Prof. Chai said, "The proliferation of data from ubiquitously distributed sensors leads to a massive increase in sensory terminals. It is crucial to partially shift computation tasks to the sensory terminals. This transition substantially compresses the collected information and extracts key data, especially for sensor-rich platforms."
Prof. Chai's research clearly defines near-sensor concepts and in-sensor computing paradigms based on the physical distance between sensory and computing units. This classification further divides functions into low-level and high-level processing. His study explores the implementation of near-/in-sensor computing for different physical sensing systems and provides possible solutions for integrating sensing and processing units through advanced manufacturing technologies.
While Prof.
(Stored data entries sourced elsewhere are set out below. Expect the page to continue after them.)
(* Let $\mathsf K\in\{\mathsf O,\mathsf{Sp}\}$ and $z\in I_n$. Then $MX^{\mathsf K}_z=\{A\in\mathsf{Mat}^{\mathsf K}_n:\operatorname{rank}(A_{[i][j]})\le\operatorname{rank}(z_{[i][j]})\text{ for all }(i,j)\in\operatorname{Ess}(D^{\mathsf O}(z))\}.$ Moreover, if $n$ is even and $z\in I^{\mathsf{FPF}}_n$ then $MX^{\mathsf{Sp}}_z=\{A\in\mathsf{Mat}^{\mathsf{Sp}}_n:\operatorname{rank}(A_{[i][j]})\le\operatorname{rank}(z_{[i][j]})\text{ for all }(i,j)\in\operatorname{Ess}(D^{\mathsf{Sp}}(z))\}.$
   Context: $I_n$ (resp. $I^{\mathsf{FPF}}_n$) is the set of involutions (resp. fixed-point-free involutions) in $S_n$; $z$ is identified with its permutation matrix with $1$'s at $(i,z(i))$; $A_{[i][j]}$ is the upper-left $i\times j$ submatrix. $\mathsf{Mat}^{\mathsf O}_n$ (resp. $\mathsf{Mat}^{\mathsf{Sp}}_n$) is the space of complex symmetric (resp. skew-symmetric) $n\times n$ matrices, and $MX^{\mathsf K}_z=\{A\in\mathsf{Mat}^{\mathsf K}_n:\operatorname{rank}(A_{[i][j]})\le\operatorname{rank}(z_{[i][j]})\ \forall i,j\in[n]\}$. The orthogonal Rothe diagram is $D^{\mathsf O}(z)=\{(i,z(j)):(i,j)\in[n]^2,\ z(i)>z(j)\le i<j\}$ and the symplectic Rothe diagram is $D^{\mathsf{Sp}}(z)=\{(i,z(j)):(i,j)\in[n]^2,\ z(i)>z(j)<i<j\}$. For $D\subseteq\mathbb{P}\times\mathbb{P}$, $\operatorname{Ess}(D)=\{(i,j)\in D:(i,j+1)\notin D,\ (i+1,j)\notin D\}$. *)

From HB Require Import structures.
From mathcomp Require Import all_boot all_order all_algebra all_fingroup.
From mathcomp Require Import complex.
From mathcomp Require Import Rstruct.
From Stdlib Require Reals.
Set Implicit Arguments. Unset Strict Implicit. Unset Printing Implicit Defensive.
Import Order.TTheory GRing.Theory Num.Theory.
Local Open Scope ring_scope.

Notation CC := (complex Rdefinitions.R).

(* Index convention: the paper's index k in [n] = {1..n} is the ordinal
   k-1 : 'I_n; all comparisons are order-preserving, so we can use ordinals. *)

Definition is_involution n (z : 'S_n) : bool := [forall i, z (z i) == i].
Definition is_fpf_involution n (z : 'S_n) : bool :=
  is_involution z && [forall i, z i != i].

Definition zmat n (z : 'S_n) : 'M[CC]_n := perm_mx z.

(* Upper-left (i+1) x (j+1) submatrix A_[i+1][j+1], for i j : 'I_n. *)
Definition ulsub (F : Type) n (A : 'M[F]_n) (i j : 'I_n) : 'M[F]_(i.+1, j.+1) :=
  \matrix_(a < i.+1, b < j.+1) A (widen_ord (ltn_ord i) a) (widen_ord (ltn_ord j) b).

Inductive kind := KO | KSp.

Definition matK (K : kind) n (A : 'M[CC]_n) : bool :=
  match K with
  | KO => A^T == A
  | KSp => A^T == - A
  end.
Chai and his team focus on advancing computational hardware for sensory AI systems, the extraordinary capabilities of natural bioinspired sensory systems more broadly are a vital research inspiration.
By emulating human visual adaptability, which allows accurate object identification under various lighting conditions, the new bioinspired sensors developed by Prof. Chai's team offer a solution for the progress in motion processing by directly adapting to different light intensities. This approach avoids relying solely on backend computation, which emulates and even surpasses the human retina's ability to adapt to various lighting levels. The sensors reduce hardware complexity and boost image contrast in varied lighting conditions, thus improving machine vision systems for visual analysis and identification tasks.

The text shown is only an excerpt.